Basic Knowledge of Financing a Home
Typically for people looking to buy a home, they will be financing a large portion by applying for a mortgage, also known as a home loan, from the builder / developer, a bank or other financial company. There are a variety of mortgage programs available with varying loan terms and interest rates, so it's wise to know the process pretty well.
The most common type of home loan is a 30-year fixed rate mortgage. For the loan's duration, 30 years, you'll be making monthly payments on the principal amount (the amount you borrow) as well as interest. The interest is the lender's profit for them allowing you to borrow the money.
Two Types of Mortgages
- Fixed Rate Mortgage
- • Permanent interest rate
- • Interest rate will be higher than Adjustable-rate mortgage
- • Perfect for buyers who want to remain in the home for a long term
- Adjustable Rate Mortgage
- • Initial interest rate is generally less than a fixed-rate
- • Interest rate is fixed for 6 months, 3, 5, 7 & 10 years
- • Interest rate is subject to change to higher rate after initial fixed period
- • Ideal for buyers who plan to own the home for a short term duration
- Jumbo Loan
- • A mortgage loan more than $417,000
- • Interest rate tends to be higher but at times are the same as conforming limits
- • Down payments for jumbo mortgages range from 5-10 percent based on the requested loan amount
- Government Loan
- • Any loan backed by the federal government
- • Lenders typically offer lower interest rates since they are insured
- • down payments range from zero down for VA mortgages to 3.5% for FHA loan
- • Acronyms: VA - Department of Veterans Affairs, FHA - Federal Housing Administration, USDA - United States Department of Agriculture, FmHA - Farmers Home Administration
Other Key Elements in a Loan
Private mortgage insurance (PMI) - insurance the borrower needs to pay to protect the lender in the event you go into default. If your down payment is under 20% of the purchase price, be prepared to pay PMI. For FHA loans, it is called MIP and is attached to the loan for its entirety.

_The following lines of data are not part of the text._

Lemma is_derive0_of_flat (g : R -> R) (x : R) :
  (forall e, 0 < e -> exists d, 0 < d /\ forall h, h != 0 -> `|h| < d ->
      `|g (x + h) - g x| <= e * `|h|) ->
  is_derive x (1 : R) g 0.
Proof.
move=> flat.
have cv : (fun h => h^-1 *: ((g \o shift x) (h *: 1) - g x)) @ 0^' --> (0 : R).
  apply/cvgrPdist_le => e e0; have [d [d0 Hd]] := flat e e0.
  rewrite near_withinE; apply/nbhs_normP; exists d => //= t.
  rewrite /ball_ /= sub0r normrN => tlt tne0.
  rewrite sub0r normrN [t%:A]mulr1 addrC.
  have -> : forall u : R, t^-1 *: u = t^-1 * u by [].
  rewrite normrM normfV ler_pdivrMl ?normr_gt0 // mulrC addrC (addrC t).
  exact: Hd.
by apply: DeriveDef; [exact: cvgP cv | exact: cvg_lim cv].
Qed.

(* Composing with [clip a b] turns the flatness of [f] on [a, b] into a zero
   derivative on the whole line. *)
Lemma eq_of_flat (f : R -> R) (a b : R) : a <= b ->
  (forall t, a <= t <= b -> forall e, 0 < e -> exists d, 0 < d /\
     forall t', a <= t' <= b -> `|t' - t| < d -> `|f t' - f t| <= e * `|t' - t|) ->
  f b = f a.
Proof.
move=> ab flat.
have D x : is_derive x (1 : R) (f \o clip a b) 0.
  apply: is_derive0_of_flat => e e0.
  have [d [d0 Hd]] := flat _ (clip_in _ _ x ab) e e0.
  exists d; split => // h _ hd.
  have L := clip_lipschitz _ _ (x + h) x ab; rewrite addrAC subrr add0r in L.
  apply: le_trans (Hd _ (clip_in _ _ _ ab) (le_lt_trans L hd)) _.
  by rewrite ler_pM2l.
have := is_derive_0_is_cst b a D.
by rewrite /= !clip_id // ?lexx ?ab.
Qed.

Lemma continuous_of_lipschitz (V : normedModType R) (f : R -> V) (C : R) : 0 <= C ->
  (forall s t, `|f s - f t| <= C * `|s - t|) -> continuous f.
Proof.
move=> C0 lip x; apply/cvgrPdist_le => e e0.
have C1 : 0 < C + 1 by lra.
apply/nbhs_normP; exists (e / (C + 1)); first exact: divr_gt0.
move=> y; rewrite /ball_ /= => hy.
apply: le_trans (lip x y) _.
apply: (le_trans (y := C * (e / (C + 1)))); first by rewrite ler_wpM2l // ltW.
by rewrite mulrA ler_pdivrMr //; nra.
Qed.

Lemma norm_scalerB_le {V : normedModType R} {a A B : R} {Z : V} (a' : R) (Z' : V) :
  `|a| <= A -> `|Z| <= B ->
  `|a' *: Z' - a *: Z| <= `|a' - a| * (B + `|Z' - Z|) + A * `|Z' - Z|.
Proof.
move=> ha hZ.
have -> : a' *: Z' - a *: Z = (a' - a) *: Z' + a *: (Z' - Z).
  by rewrite scalerBl scalerBr addrA subrK.
apply: le_trans (ler_normD _ _) _; rewrite !normrZ.
apply: lerD; last by apply: ler_wpM2r.
apply: ler_wpM2l => //; apply: le_trans (lerD hZ (lexx `|Z' - Z|)).
by have := ler_normD Z (Z' - Z); rewrite addrC subrK.
Qed.

Lemma product_bound_small {e B A La : R} : 0 < e -> 0 <= B -> 0 <= A -> 0 <= La ->
  exists eps del, 0 < eps /\ 0 < del /\ forall x y, 0 <= x -> x <= La * del ->
    0 <= y <= eps -> x * (B + y) + A * y <= e.
Proof.
move=> e0 B0 A0 La0.
have p1 : 0 < 2 * (A + 1) by lra.
set c := La * (B + 1); have c0 : 0 <= c by rewrite mulr_ge0 //; lra.
exists (Num.min 1 (e / (2 * (A + 1)))), (e / (2 * (c + 1))).
split; first by rewrite lt_min ltr01 divr_gt0.
split=> [|x y x0 hx /andP[y0 hy]]; first by rewrite divr_gt0 //; lra.
move: hy; rewrite le_min => /andP[y1 y2].
have h1 : x * (B + y) <= e / 2.
  apply: (le_trans (y := La * (e / (2 * (c + 1))) * (B + 1))); first by apply: ler_pM => //; lra.
  rewrite mulrAC -/c [e / 2](_ : _ = c * (e / (2 * (c + 1))) + e / (2 * (c + 1))).
    by rewrite lerDl divr_ge0 //; lra.
  by field; rewrite gt_eqF //; lra.
have h2 : A * y <= e / 2.
  apply: (le_trans (y := A * (e / (2 * (A + 1))))); first exact: ler_wpM2l.
  rewrite mulrA ler_pdivrMr // (_ : e / 2 * (2 * (A + 1)) = e * (A + 1)); last by field.
  nra.
lra.
Qed.

End RealFacts.

Section MatrixNorm.
Context {R : realType}.

Lemma mx_norm_ge_entry {r c : nat} (M : 'M[R]_(r, c)) i j : `|M i j| <= `|M|.
Proof. by rewrite [`|M|]mx_normrE (le_bigmax _ _ (i, j)). Qed.

Lemma mx_norm_le {r c : nat} (M : 'M[R]_(r, c)) (x : R) :
  0 <= x -> (forall i j, `|M i j| <= x) -> `|M| <= x.
Proof. by move=> x0 H; rewrite [`|M|]mx_normrE; apply: bigmax_le => // -[i j]. Qed.

Lemma mx_eq_of_flat {r c : nat} (f : R -> 'M[R]_(r, c)) (a b : R) : a <= b ->
  (forall t, a <= t <= b -> forall e, 0 < e -> exists d, 0 < d /\
     forall t', a <= t' <= b -> `|t' - t| < d -> `|f t' - f t| <= e * `|t' - t|) ->
  f b = f a.
Proof.
move=> ab flat; apply/matrixP => i j.
apply: (eq_of_flat (fun s => f s i j)) => // t ht e e0.
have [d [d0 Hd]] := flat t ht e e0; exists d; split => // t' ht' hd.
by apply: le_trans (Hd t' ht' hd); have := mx_norm_ge_entry (f t' - f t) i j; rewrite !mxE.
Qed.

Lemma norm_pid_mulmx_le {r s p : nat} (v : 'cV[R]_s) : `|(pid_mx p : 'M[R]_(r, s)) *m v| <= `|v|.
Proof.
apply: mx_norm_le => // i j; rewrite mxE.
case: (ltnP i s) => [lt_is | le_si].
  rewrite (bigD1 (Ordinal lt_is)) //= big1 => [|k /negPf ne_k]; last first.
    rewrite mxE; case: eqP => [ik|]; rewrite ?mul0r //.
    by move: ne_k; rewrite -(inj_eq val_inj) /= -ik eqxx.
  rewrite addr0 mxE eqxx /=; case: (i < p)%N; rewrite ?mul1r ?mul0r ?normr0 //.
  exact: mx_norm_ge_entry.
rewrite big1 ?normr0 // => k _; rewrite mxE; case: eqP => [ik|]; rewrite ?mul0r //.
by move: (ltn_ord k); rewrite -ik ltnNge le_si.
Qed.

Lemma pid_mulmxK {r s : nat} (v : 'cV[R]_r) : (r <= s)%N ->
  (pid_mx r : 'M[R]_(r, s)) *m ((pid_mx r : 'M[R]_(s, r)) *m v) = v.
Proof. by move=> rs; rewrite mulmxA pid_mx_id // pid_mx_1 mul1mx. Qed.

Lemma norm_pid_mulmx {r s : nat} (v : 'cV[R]_r) : (r <= s)%N ->
  `|(pid_mx r : 'M[R]_(s, r)) *m v| = `|v|.
Proof.
move=> rs; apply/eqP; rewrite eq_le norm_pid_mulmx_le /=.
by rewrite -{1}(pid_mulmxK v rs) norm_pid_mulmx_le.
Qed.

Lemma norm_const_mx1 (p : nat) : (0 < p)%N -> `|(const_mx 1 : 'cV[R]_p)| = 1.
Proof.
move=> p0; apply/eqP; rewrite eq_le; apply/andP; split.
  by apply: mx_norm_le => // i j; rewrite mxE normr1.
by have := mx_norm_ge_entry (const_mx 1 : 'cV[R]_p) (Ordinal p0) 0; rewrite mxE normr1.
Qed.

Lemma induced_norm_pid_mx (r s p : nat) (c : R) : 0 <= c ->
  (0 < p)%N -> (p <= r)%N -> (p <= s)%N ->
  induced_norm_is (c *: (pid_mx p : 'M[R]_(r, s))) c.
Proof.
move=> c0 p0 pr ps; split => [x x1|].
  by rewrite -scalemxAl normrZ ger0_norm // -{2}[c]mulr1 -x1 ler_wpM2l ?norm_pid_mulmx_le.
exists ((pid_mx p : 'M[R]_(s, p)) *m const_mx 1).
rewrite norm_pid_mulmx // norm_const_mx1 //; split => //.
rewrite -scalemxAl normrZ mulmxA pid_mx_id // norm_pid_mulmx //.
by rewrite norm_const_mx1 // mulr1 ger0_norm.
Qed.

End MatrixNorm.

Section PhaseSpace.
Context {R : realType} {m : nat} {tau : R}.
Hypothesis tau_ge0 : 0 <= tau.

Lemma supn_ge (u : R -> 'cV[R]_m) s : continuous u -> - tau <= s <= 0 -> `|u s| <= supn tau u.
Proof.
move=> cu hs; have tau0 : - tau <= 0 by case/andP: hs => h1 h2; lra.
have cf : {within `[- tau, 0], continuous (fun s => `|u s|)}.
  apply: continuous_subspaceT => x.
  exact: continuous_comp (cu x) (@norm_continuous _ _ (u x)).
have [c _ Hc] := EVT_max tau0 cf.
apply: ub_le_sup; last by exists s.
by exists `|u c| => _ [s' hs' <-]; apply: Hc; rewrite in_itv.
Qed.

Lemma supn_ge_left (u : R -> 'cV[R]_m) : continuous u -> `|u (- tau)| <= supn tau u.
Proof. by move=> cu; apply: supn_ge cu _; rewrite lexx oppr_le0. Qed.

Lemma supn_ge0_phase {u : R -> 'cV[R]_m} : phase tau u -> 0 <= supn tau u.
Proof. by case=> cu _; exact: le_trans (normr_ge0 _) (supn_ge_left u cu). Qed.

Lemma norm_sub_left_le {u u' : R -> 'cV[R]_m} : phase tau u -> phase tau u' ->
  `|u' (- tau) - u (- tau)| <= supn tau (u' - u).
Proof.
move=> [cu _] [cu' _]; apply: (supn_ge_left (u' - u)) => s.
by apply: continuousB; [exact: cu' | exact: cu].
Qed.

Lemma phase_cst (a : 'cV[R]_m) : phase tau (cst a).
Proof. by split => // s; exact: cst_continuous. Qed.

Lemma seg_left (y : R -> 'cV[R]_m) t : seg tau y t (- tau) = y (t - tau).
Proof. by rewrite /seg /clamp max_r // min_r // oppr_le0. Qed.
(** * Exponential growth rates *)

Definition growth_term (F : forall n, n.-tuple 'I_p -> R) (n : nat) : R :=
  n%:R^-1 * ln (p%:R ^- n * \sum_(w : n.-tuple 'I_p) F n w).

Lemma growthE F : growth F = limn_esup (fun n => (growth_term F n)%:E).
Proof. by []. Qed.

Lemma avg_ge1 n (G : n.-tuple 'I_p -> R) :
  (forall w, 1 <= G w) -> 1 <= p%:R ^- n * \sum_(w : n.-tuple 'I_p) G w.
Proof.
move=> G1; have pn0 : 0 < p%:R ^+ n :> R by rewrite exprn_gt0 // ltr0n.
rewrite -[X in X <= _](mulVf (lt0r_neq0 pn0)).
apply: ler_wpM2l; first by rewrite invr_ge0 ltW.
have -> : p%:R ^+ n = \sum_(w : n.-tuple 'I_p) (1 : R).
  by rewrite sumr_const card_tuple card_ord natrX.
by apply: ler_sum => w _; exact: G1.
Qed.

Lemma growth_term_le_mul (F G : forall n, n.-tuple 'I_p -> R) c n :
  (forall w, F n w <= c * G n w) -> 1 <= c -> (forall w, 1 <= G n w) ->
  growth_term F n <= n%:R^-1 * ln c + growth_term G n.
Proof.
move=> FG c1 G1; rewrite /growth_term -mulrDr ler_wpM2l ?invr_ge0 //.
set a := _ * \sum_w F n w; set b := _ * \sum_w G n w.
have b1 : 1 <= b by exact: avg_ge1.
have [a0|a0] := leP a 0; first by rewrite ln0 // addr_ge0 // ln_ge0.
have ab : a <= c * b.
  rewrite /a /b mulrCA ler_wpM2l ?invr_ge0 ?exprn_ge0 // mulr_sumr.
  by apply: ler_sum => w _; exact: FG.
have c0 : 0 < c by apply: lt_le_trans c1.
have b0 : 0 < b by apply: lt_le_trans b1.
by rewrite -lnM ?posrE // ler_ln ?posrE // mulr_gt0.
Qed.

Lemma le_growth_term (F G : forall n, n.-tuple 'I_p -> R) n :
  (forall w, F n w <= G n w) -> (forall w, 1 <= G n w) ->
  growth_term F n <= growth_term G n.
Proof.
move=> FG G1; have := @growth_term_le_mul F G 1 n.
by rewrite ln1 mulr0 add0r; apply => // w; rewrite mul1r.
Qed.

Lemma le_growth_often (r : \bar R) F :
  (forall N, exists2 n, (N <= n)%N & (r <= (growth_term F n)%:E)%E) ->
  (r <= growth F)%E.
Proof.
move=> rF; rewrite growthE /limn_esup limf_esupE.
apply: le_ereal_inf_tmp => _ [V [N _ NV] <-].
have [n Nn rn] := rF N; apply: le_trans rn _; apply: ereal_sup_ubound.
by exists n => //; exact: NV.
Qed.

Lemma growth_le_near (r : \bar R) F :
  (\forall n \near \oo, ((growth_term F n)%:E <= r)%E) -> (growth F <= r)%E.
Proof.
move=> [N _ Fr]; rewrite growthE /limn_esup limf_esupE.
apply: ge_ereal_inf.
exists (ereal_sup ((fun n => (growth_term F n)%:E) @` [set n | (N <= n)%N])).
  by exists [set n | (N <= n)%N] => //; exists N.
by apply: ge_ereal_sup => _ [n /= Nn <-]; exact: Fr.
Qed.

Lemma lt_growth_often (r : R) F : (r%:E < growth F)%E ->
  forall N, exists2 n, (N <= n)%N & r <= growth_term F n.
Proof.
move=> rF N; apply: contrapT => noN.
suff : (growth F <= r%:E)%E by rewrite leNgt rF.
apply: growth_le_near; exists N => // n /= Nn; rewrite lee_fin ltW //.
by rewrite ltNge; apply/negP => rn; apply: noN; exists n.
Qed.

Lemma growth_ge0 (G : forall n, n.-tuple 'I_p -> R) :
  (forall n w, 1 <= G n w) -> (0 <= growth G)%E.
Proof.
move=> G1; apply: le_growth_often => N; exists N => //.
by rewrite lee_fin mulr_ge0 ?invr_ge0 // ln_ge0 // avg_ge1.
Qed.

(* The factor [c] only adds [ln c / n] to the [n]-th term, which vanishes. *)
Lemma growth_le_mul (F G : forall n, n.-tuple 'I_p -> R) c :
  (forall n w, F n w <= c * G n w) -> 1 <= c -> (forall n w, 1 <= G n w) ->
  (growth F <= growth G)%E.
Proof.
move=> FG c1 G1; rewrite [X in (_ <= X)%E]growthE /limn_esup limf_esupE.
apply: le_ereal_inf_tmp => _ [V [N _ NV] <-].
apply/lee_addgt0Pr => e e0.
have lc0 : 0 <= ln c / e by rewrite divr_ge0 // ?ln_ge0 // ltW.
apply: growth_le_near; exists (maxn N (Num.bound (ln c / e)).+1) => // n.
rewrite /= geq_max => /andP[Nn Mn].
apply: le_trans (_ : ((n%:R)^-1 * ln c + growth_term G n)%:E <= _)%E.
  by rewrite lee_fin; apply: growth_term_le_mul => // w; exact: FG.
rewrite EFinD addeC; apply: leeD.
  by apply: ereal_sup_ubound; exists n => //; exact: NV.
have n0 : 0 < n%:R :> R by rewrite ltr0n; exact: leq_trans Mn.
have lcn : ln c / e <= n%:R.
  apply/ltW/(lt_le_trans (archi_boundP lc0)).
  by rewrite ler_nat; exact: ltnW.
by rewrite lee_fin mulrC ler_pdivrMr // mulrC -ler_pdivrMr.
Qed.

(** * Entropy of sets and at points *)

Definition sep_entropy (A : set X) (e : R) : \bar R :=
  growth (fun n w => s_sep g A w e).

Lemma sep_entropy_nonincreasing (A : set X) e1 e2 :
  0 < e1 -> e1 <= e2 -> (sep_entropy A e2 <= sep_entropy A e1)%E.
Proof.
move=> e10 e12; have e20 := lt_le_trans e10 e12.
have [A0|A0] := pselect (A !=set0).
  apply: (@growth_le_mul _ _ 1) => // n w; last exact: s_sep_ge1.
  by rewrite mul1r; exact: s_sep_le_eps.
rewrite /sep_entropy.
suff -> : (fun n (w : n.-tuple 'I_p) => s_sep g A w e2) =
    (fun n (w : n.-tuple 'I_p) => s_sep g A w e1) by [].
apply: functional_extensionality_dep => n; apply: funext => w.
by rewrite !s_sep_set0.
Qed.

Lemma Bd_nonincreasing (K : set X) e1 e2 : compact K -> K !=set0 ->
  0 < e1 -> e1 <= e2 -> (Bd g K e2 <= Bd g K e1)%E.
Proof.
move=> cK K0 e10 e12; have e20 := lt_le_trans e10 e12.
apply: (@growth_le_mul _ _ 1) => // n w; last exact: b_span_ge1.
by rewrite mul1r; exact: b_span_le_eps.
Qed.

Lemma hd_nonincreasing (x : X) e1 e2 :
  0 < e1 -> e1 <= e2 -> (hd g x e2 <= hd g x e1)%E.
Proof.
move=> e10 e12; apply: le_ereal_inf_tmp => _ [K [cK xK] <-].
apply: ge_ereal_inf; exists (Bd g K e2); first by exists K.
by apply: Bd_nonincreasing => //; exists x; exact: nbhs_singleton.
Qed.

Lemma htopK_supE (A : set X) :
  htopK g A = ereal_sup (sep_entropy A @` [set e | 0 < e]).
Proof. exact: lim_at_right0_nonincreasing (@sep_entropy_nonincreasing A). Qed.

Lemma htopx_supE (x : X) : htopx g x = ereal_sup (hd g x @` [set e | 0 < e]).
Proof. exact: lim_at_right0_nonincreasing (@hd_nonincreasing x). Qed.

Lemma hd_ge0 (x : X) e : 0 < e -> (0 <= hd g x e)%E.
Proof.
move=> e0; apply: le_ereal_inf_tmp => _ [K [cK xK] <-].
apply: growth_ge0 => n w; apply: b_span_ge1 => //.
by exists x; exact: nbhs_singleton.
Qed.

Lemma hd_le_sep_entropy (x : X) (A : set X) e : 0 < e ->
  compact A -> nbhs x A -> (hd g x e <= sep_entropy A e)%E.
Proof.
move=> e0 cA xA; apply: ge_ereal_inf; exists (Bd g A e); first by exists A.
apply: (@growth_le_mul _ _ 1) => // n w; last first.
  by apply: s_sep_ge1 => //; exists x; exact: nbhs_singleton.
by rewrite mul1r; exact: b_span_le_s_sep.
Qed.

Lemma htopK_le_htopx_cofinite (K : set X) (x0 : X) :
  (forall U, nbhs x0 U -> exists F : seq X, K `<=` U `|` [set x | x \in F]) ->
  (htopK g K <= htopx g x0)%E.
Proof.
move=> KU; rewrite htopK_supE htopx_supE; apply: ge_ereal_sup => _ [e e0 <-].
have e20 : 0 < e / 2 by rewrite divr_gt0.
apply: (@le_trans _ _ (hd g x0 (e / 2))); last first.
  by apply: ereal_sup_ubound; exists (e / 2).
apply: le_ereal_inf_tmp => _ [U [cU xU] <-].
have [F KUF] := KU U xU.
have U0 : U !=set0 by exists x0; exact: nbhs_singleton.
apply: (@growth_le_mul _ _ (1 + (size F)%:R)) => [n w||n w].
- rewrite {1}(splitr e); apply: le_trans (s_sep_le_b_span_add w cU e20 KUF) _.
  have b1 := b_span_ge1 w cU e20 U0.
  by rewrite mulrDl mul1r lerD2l ler_peMr.
- by rewrite lerDl.
- exact: b_span_ge1.
Qed.

(* At each time the separated sets of all words form one finite witness. *)
Lemma finite_separated_witness (A : set X) e r N : A !=set0 -> 0 < e ->
  (r%:E < sep_entropy A e)%E -> exists F : seq X, {subset F <= A} /\
  exists2 n, (N <= n)%N &
    r <= growth_term (fun n w => s_sep g [set x | x \in F] w e) n.
Proof.
move=> A0 e0 /lt_growth_often/(_ N)[n Nn rn].
have [E hE] : {E : n.-tuple 'I_p -> seq X & forall w,
    Defs.separated g A w e (E w) /\ s_sep g A w e = (size (E w))%:R}.
  apply: (@choice _ _ (fun w E => Defs.separated g A w e E /\
     s_sep g A w e = (size E)%:R)) => w.
  by have [E [sepE _ sE]] := s_sep_attained w A e0; exists E.
pose F := flatten [seq E w | w <- index_enum (n.-tuple 'I_p)].
have EF w : {subset E w <= F}.
  by move=> x xE; apply/flatten_mapP; exists w => //; exact: mem_index_enum.
exists F; split.
  by move=> x /flatten_mapP[w _ xE]; have [[_ EA _] _] := hE w; exact: EA.
have sAF (w : n.-tuple 'I_p) : s_sep g A w e <= s_sep g [set x | x \in F] w e.
  have [[uE _ sepE] ->] := hE w.
  have [E' [_ maxE' ->]] := s_sep_attained w [set x | x \in F] e0.
  rewrite ler_nat; apply: maxE'; split => // x xE.
  by rewrite in_setE; exact: EF xE.
exists n => //; apply: le_trans rn (le_growth_term _ _) => w; first exact: sAF.
by apply: le_trans (sAF w); exact: s_sep_ge1.
Qed.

Escrow or impounds - Your mortgage payment will include a portion that is applied to property taxes and insurance.
Index - Applicable to adjustable rate mortgages. Your interest rate is tied to an index such as the LIBOR, 1 year Treasury, COFI, etc.
Margin - Applicable to adjustable rate mortgages. Based on your credit and/or loan program, loan product will have a margin, ranging from 2-5, that is added to the index which gives you the actual interest rate.